Bug Bounty Program

Furucombo Bug Bounty Program

Program Overview

The Furucombo team has been seeking to combine the merits of every kind of DeFi protocol to create the most comprehensive DeFi aggregator platform on Ethereum. The structure of Furucombo is composed of Proxy Contract and Handler Contracts. The security of our system is of paramount importance to us. While we keep conducting professional audits for the whole system, a bug bounty program is necessary to further ensure the platform’s safety.

This program is intended to work with independent security researchers across the globe and set out our definition of good faith in the context of finding and reporting vulnerabilities, as well as what users can expect from us in return. Should you encounter a security vulnerability in one of our products, we want to hear from you. We believe that the Furucombo ecosystem will be further bolstered with support from our community.

Scope

The scope of the bug bounty will be applicable for the following repositories and sites:

Note: Other issues found outside of the locations mentioned above, will be considered on a case by case basis, please, reach out to the Furucombo development team for clarification.

Rewards

The value of rewards will vary depending on severity as judged by the Furucombo team. The severity of a bug will be assessed according to the OWASP risk rating model based on Impact and Likelihood:

  • Note: Up to $100 USD

  • Low: $100 — $1,000 USD

  • Medium: $1,000 — $5,000 USD

  • High: $5,000 — $20,000 USD

  • Critical: $20,000 — $250,000 USD

Furucombo team determines the eligibility of vulnerability, scores, and whether a reward is granted at its sole and own discretion. The payouts will be denominated in USD and be paid in COMBO tokens.

Disclosure

Any vulnerability or bug discovered must be reported only to the following email: [email protected]

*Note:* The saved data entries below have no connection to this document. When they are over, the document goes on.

(* Let $G_1=(\{p_j\},\{\mu_j\},\{\sigma_j^2\})_{j=1}^n$ and $G_2=(\{p'_k\},\{\mu'_k\},\{\sigma_k'^2\})_{k=1}^{n'}$ be univariate Gaussian mixtures with all $\sigma_j>0$ and $\sigma'_k>0$, and let $L=C_2^2(G_1,G_2)$, regarded as a function of the parameters $\mu_1,\dots,\mu_n,\sigma_1,\dots,\sigma_n$ of $G_1$ (with $G_2$ and $\{p_j\}$ fixed). Then for every $j=1,\dots,n$, $$\left|\frac{\partial L}{\partial\mu_j}\right|\le 4,\qquad \left|\frac{\partial L}{\partial\sigma_j}\right|\le 4.$$ In particular $L$ is globally Lipschitz in $\{\mu_j\}$ and $\{\sigma_j\}$.
   Context: A univariate Gaussian mixture $G=(\{p_j\},\{\mu_j\},\{\sigma_j^2\})_{j=1}^n$ has $p_j\ge0$, $\sum_jp_j=1$, $\mu_j\in\mathbb{R}$, $\sigma_j>0$, and CDF $\sum_jp_j\Phi((x-\mu_j)/\sigma_j)$, with $\Phi$ the standard normal CDF. The Cramér 2-distance is $C_2(G_1,G_2)=\left(\int_{\mathbb{R}}|\mathrm{CDF}(G_1)-\mathrm{CDF}(G_2)|^2dx\right)^{1/2}$. *)

From Stdlib Require Import Reals Lra Lia.
From Coquelicot Require Import Coquelicot.
Open Scope R_scope.

Definition std_normal_pdf (x : R) : R := exp (- (x ^ 2) / 2) / sqrt (2 * PI).
Definition Phi (x : R) : R :=
  RInt_gen std_normal_pdf (Rbar_locally m_infty) (at_point x).

Fixpoint sumR (n : nat) (f : nat -> R) : R :=
  match n with
  | O => 0
  | S k => sumR k f + f k
  end.

(* A mixture with n components is given by weights p, means mu, std devs sigma
   (only indices 0..n-1 are used). *)
Definition is_gmixture (n : nat) (p mu sigma : nat -> R) : Prop :=
  (forall j, (j < n)%nat -> 0 <= p j) /\ sumR n p = 1 /\
  (forall j, (j < n)%nat -> 0 < sigma j).

Definition mixture_cdf (n : nat) (p mu sigma : nat -> R) (x : R) : R :=
  sumR n (fun j => p j * Phi ((x - mu j) / sigma j)).

Definition cramer2_sq (n : nat) (p mu sigma : nat -> R)
                      (n' : nat) (p' mu' sigma' : nat -> R) : R :=
  RInt_gen (fun x => (mixture_cdf n p mu sigma x - mixture_cdf n' p' mu' sigma' x) ^ 2)
           (Rbar_locally m_infty) (Rbar_locally p_infty).

Definition upd (f : nat -> R) (j : nat) (v : R) : nat -> R :=
  fun i => if Nat.eq_dec i j then v else f i.

(* Let F1, F2 be the two mixture CDFs, D = F1 - F2 and L = ∫ D².  Changing the
   mean or the scale of component j of G1 to the value a changes F1 by
   q * u_a(x), where q = p_j and u_a = Φ(ψ_a) - Φ(ψ_{a0}) for the affine
   standardisation ψ.  As |D| <= M := ∫ φ, differentiation under the integral
   sign gives  ∂L = ∫ 2 D q d  and  |∂L| <= 2 M q ∫ |d|,  where d is the
   derivative of u_a in a: for the mean d = -φ(w)/σ with ∫|d| = M, for the scale
   d = -w φ(w)/σ with ∫|d| = 2 φ(0), where w = (x - μ)/σ.  Since M² <= 2e/π <= 2
   and φ(0) <= 1/2, both partial derivatives are bounded by 4; the Lipschitz bounds then follow from the mean value theorem. *)

From Stdlib Require Import Reals Lra Lia Classical_Prop FunctionalExtensionality.
From Coquelicot Require Import Coquelicot.
Open Scope R_scope.

Notation minus_infty := (Rbar_locally m_infty) (only parsing).
Notation plus_infty := (Rbar_locally p_infty) (only parsing).

(* The filters used below are proper, so improper integrals have unique values. *)
#[local] Instance Rbar_locally_proper (x : Rbar) : ProperFilter' (Rbar_locally x).
Proof. apply Proper_StrongProper, Rbar_locally_filter. Qed.

#[local] Instance at_point_proper (x : R) : ProperFilter' (at_point x).
Proof. apply Proper_StrongProper, at_point_filter. Qed.

Lemma RInt_gen_of_is {Fa Fb : (R -> Prop) -> Prop}
    {FFa : ProperFilter' Fa} {FFb : ProperFilter' Fb} (f : R -> R) l :
  is_RInt_gen f Fa Fb l -> RInt_gen f Fa Fb = l.
Proof. apply (is_RInt_gen_unique (V := R_CompleteNormedModule)). Qed.

Definition continuous_on_R (f : R -> R) : Prop := forall x, continuous f x.

Lemma continuous_on_R_ext f g : (forall x, f x = g x) -> continuous_on_R f -> continuous_on_R g.
Proof. intros E H x. apply (continuous_ext f g); auto. Qed.

Lemma continuous_on_R_const c : continuous_on_R (fun _ => c).
Proof. intros x. apply continuous_const. Qed.

Lemma continuous_on_R_plus f g :
  continuous_on_R f -> continuous_on_R g -> continuous_on_R (fun x => f x + g x).
Proof. intros Hf Hg x. apply (continuous_plus (V := R_NormedModule) f g); auto. Qed.

Lemma continuous_on_R_minus f g :
  continuous_on_R f -> continuous_on_R g -> continuous_on_R (fun x => f x - g x).
Proof. intros Hf Hg x. apply (continuous_minus (V := R_NormedModule) f g); auto. Qed.

Lemma continuous_on_R_mult f g :
  continuous_on_R f -> continuous_on_R g -> continuous_on_R (fun x => f x * g x).
Proof. intros Hf Hg x. apply (continuous_mult (K := R_AbsRing) f g); auto. Qed.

  • Please do not disclose any vulnerability or bug to the public or to any person.

  • Please limit each submission to one issue.

  • Please provide sufficient detail in your disclosure, including a description of the bug, its potential impact, and steps for reproducing it or proof of concept, to enable the Furucombo team to quickly understand, reproduce, and address the vulnerability promptly.

A detailed report of a vulnerability increases the likelihood of a reward and may increase the reward amount.

Rules for the Bounty

  • Identify an original, previously unreported, non-public vulnerability within the scope of the Furucombo bug bounty program.

  • Provide sufficient information to reproduce the problem to enable the Furucombo team to address the issue.

  • Do not exploit the vulnerability in any way, including through making it public or by obtaining a profit.

  • Duplicated issues are not eligible for reward. The first submission would be the eligible one.

  • Avoid privacy violations, destruction of data, interruption, degradation, or any malicious attack on Furucombo.

Breaking or neglecting any of the rules mentioned above will be a violation of the Furucombo Bug Bounty Program. Furucombo reserves the right to modify or cancel the program at Furucombo’s sole discretion and at any time.